**Activity**
Whenever the string "LineIdentities" turns up in a line of the data below, copy that line.

Stored data
Hypothesis E_idem : forall v, eigA' 1 L (E v).
Hypothesis fusion00 : forall u v, eigA' 0 L (amul (u + E u) (v + E v)).
Hypothesis fusion01 : forall u v, eigA' 1 L (amul (u + E u) (E v)).
Hypothesis fusion11 : forall u v, eigA' 0 L (amul (E u) (E v)).

Lemma eigA'0_proj v : eigA' 0 L (v + E v).
Proof. by rewrite eigA'0E amulDr addrC -eigA'1E. Qed.

Lemma eigA'_decomposition v :
  exists v0 v1, [/\ eigA' 0 L v0, eigA' 1 L v1 & inAnn (v - v0 - v1)].
Proof.
exists (v + E v), (E v); split; [exact: eigA'0_proj | exact: E_idem |].
rewrite !(oppv_char2 char2) addrA (addvv_char2 char2) add0r (addvv_char2 char2).
exact: inAnn0.
Qed.

Lemma fusion_eigA'00 u w : eigA' 0 L u -> eigA' 0 L w -> eigA' 0 L (amul u w).
Proof.
by move=> Au Aw; rewrite (eigA'0_amul _ Au) amulC (eigA'0_amul _ Aw).
Qed.

Lemma fusion_eigA'01 u w : eigA' 0 L u -> eigA' 1 L w -> eigA' 1 L (amul u w).
Proof.
by move=> Au Aw; rewrite (eigA'0_amul _ Au) amulC (eigA'1_amul _ Aw) amulC.
Qed.

Lemma fusion_eigA'10 u w : eigA' 1 L u -> eigA' 0 L w -> eigA' 1 L (amul u w).
Proof. by move=> Au Aw; rewrite amulC; apply: fusion_eigA'01. Qed.

Lemma fusion_eigA'11 u w : eigA' 1 L u -> eigA' 1 L w -> eigA' 0 L (amul u w).
Proof.
by move=> Au Aw; rewrite (eigA'1_amul _ Au) amulC (eigA'1_amul _ Aw) amulC.
Qed.

End FusionLaw.

Section LineIdentities.
Variable R : comPzRingType.
Hypothesis char2 : 2%:R = 0 :> R.
Variables (L : {set pt}) (l : f2vec).
Hypothesis check_l : fusion_check l.
Hypothesis lineA_l : lineA R L = lift R l.
Implicit Types u v : alg R.
Local Notation E := (amul (lineA R L)).

Lemma fusion_check_basis a b :
  let ea := f2mul l (f2ev a) in let pa := f2add (f2ev a) ea in
  let eb := f2mul l (f2ev b) in let pb := f2add (f2ev b) eb in
  [/\ f2ann (f2add (f2mul l ea) ea), f2ann (f2mul l (f2mul pa pb)),
      f2ann (f2add (f2mul l (f2mul pa eb)) (f2mul pa eb)) &
      f2ann (f2mul l (f2mul ea eb))].
Proof.
have /allP/(_ a (mem_pts a))/andP[idem /allP/(_ b (mem_pts b))] := check_l.
by case/and3P.
Qed.

Lemma E_lift s : E (lift R s) = lift R (f2mul l s).
Proof. by rewrite lineA_l (amul_lift char2). Qed.

Lemma line_idempotent v : eigA' 1 L (E v).
Proof.
rewrite (eigA'1E char2); move: v; apply: (@inAnn_linear _ (fun v => E (E v) + E v)).
  by move=> k x y; rewrite !amulZDr scalerDr addrACA.
move=> p; rewrite ev_lift !E_lift (add_lift char2); apply: (inAnn_lift char2).
by case: (fusion_check_basis p p).
Qed.

Lemma line_fusion00 u v : eigA' 0 L (amul (u + E u) (v + E v)).
Proof.
rewrite eigA'0E; move: u v.
apply: (@inAnn_bilinear _ (fun x y => E (amul (x + E x) (y + E y)))).
- by move=> x k y z; rewrite amulZDr addrACA -scalerDr !amulZDr.
- by move=> y k x z; rewrite amulZDr addrACA -scalerDr amulZDl amulZDr.
move=> p q; rewrite !ev_lift !E_lift !(add_lift char2) !(amul_lift char2) E_lift.
by apply: (inAnn_lift char2); case: (fusion_check_basis p q).
Qed.

Lemma line_fusion01 u v : eigA' 1 L (amul (u + E u) (E v)).
Proof.
rewrite (eigA'1E char2); move: u v.
apply: (@inAnn_bilinear _ (fun x y => E (amul (x + E x) (E y)) + amul (x + E x) (E y))).
- by move=> x k y z; rewrite !amulZDr scalerDr addrACA.
- by move=> y k x z; rewrite amulZDr addrACA -scalerDr amulZDl amulZDr scalerDr addrACA.
move=> p q; rewrite !ev_lift !E_lift !(add_lift char2) (amul_lift char2).
rewrite E_lift (add_lift char2).
by apply: (inAnn_lift char2); case: (fusion_check_basis p q).
Qed.

Lemma line_fusion11 u v : eigA' 0 L (amul (E u) (E v)).
Proof.
rewrite eigA'0E; move: u v.
apply: (@inAnn_bilinear _ (fun x y => E (amul (E x) (E y)))).
- by move=> x k y z; rewrite !amulZDr.
- by move=> y k x z; rewrite amulZDr amulZDl amulZDr.
move=> p q; rewrite !ev_lift !E_lift (amul_lift char2) E_lift.
by apply: (inAnn_lift char2); case: (fusion_check_basis p q).
Qed.

End LineIdentities.

Theorem corollary5p18 (R : comPzRingType) (char2 : 2%:R = 0 :> R)
  (L : {set pt}) (hL : is_line L) :
  (* A' = A'_0 + A'_1 *)
  (forall v : alg R, exists v0 v1 : alg R,
      eigA' 0 L v0 /\ eigA' 1 L v1 /\ inAnn (v - v0 - v1)) /\
  (* the sum is direct: A'_0 /\ A'_1 = 0 in A' *)
  (forall v : alg R, eigA' 0 L v -> eigA' 1 L v -> inAnn v) /\
  (* fusion law *)
  (forall u w : alg R, eigA' 0 L u -> eigA' 0 L w -> eigA' 0 L (amul u w)) /\
  (forall u w : alg R, eigA' 0 L u -> eigA' 1 L w -> eigA' 1 L (amul u w)) /\
  (forall u w : alg R, eigA' 1 L u -> eigA' 0 L w -> eigA' 1 L (amul u w)) /\
  (forall u w : alg R, eigA' 1 L u -> eigA' 1 L w -> eigA' 0 L (amul u w)).
Proof.
have [a [b [neq_ab ->]]] := hL.
have check_l := fusion_check_line neq_ab.
have lineA_l := lineA_lift R a b.
have idem := line_idempotent char2 check_l lineA_l.
have fus00 := line_fusion00 char2 check_l lineA_l.
have fus01 := line_fusion01 char2 check_l lineA_l.
have fus11 := line_fusion11 char2 check_l lineA_l.
split; [|split; [|split; [|split; [|split]]]].
- by move=> v; have [v0 [v1 []]] := eigA'_decomposition char2 idem v; exists v0, v1.
- move=> v A0 A1; exact: (eigA'_trivial_intersection char2 A0 A1).
- move=> u w Au Aw; exact: (fusion_eigA'00 fus00 Au Aw).
- move=> u w Au Aw; exact: (fusion_eigA'01 char2 fus01 Au Aw).
- move=> u w Au Aw; exact: (fusion_eigA'10 char2 fus01 Au Aw).
- move=> u w Au Aw; exact: (fusion_eigA'11 char2 fus11 Au Aw).
Qed.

**Result of this exercise**
Section LineIdentities.
End LineIdentities.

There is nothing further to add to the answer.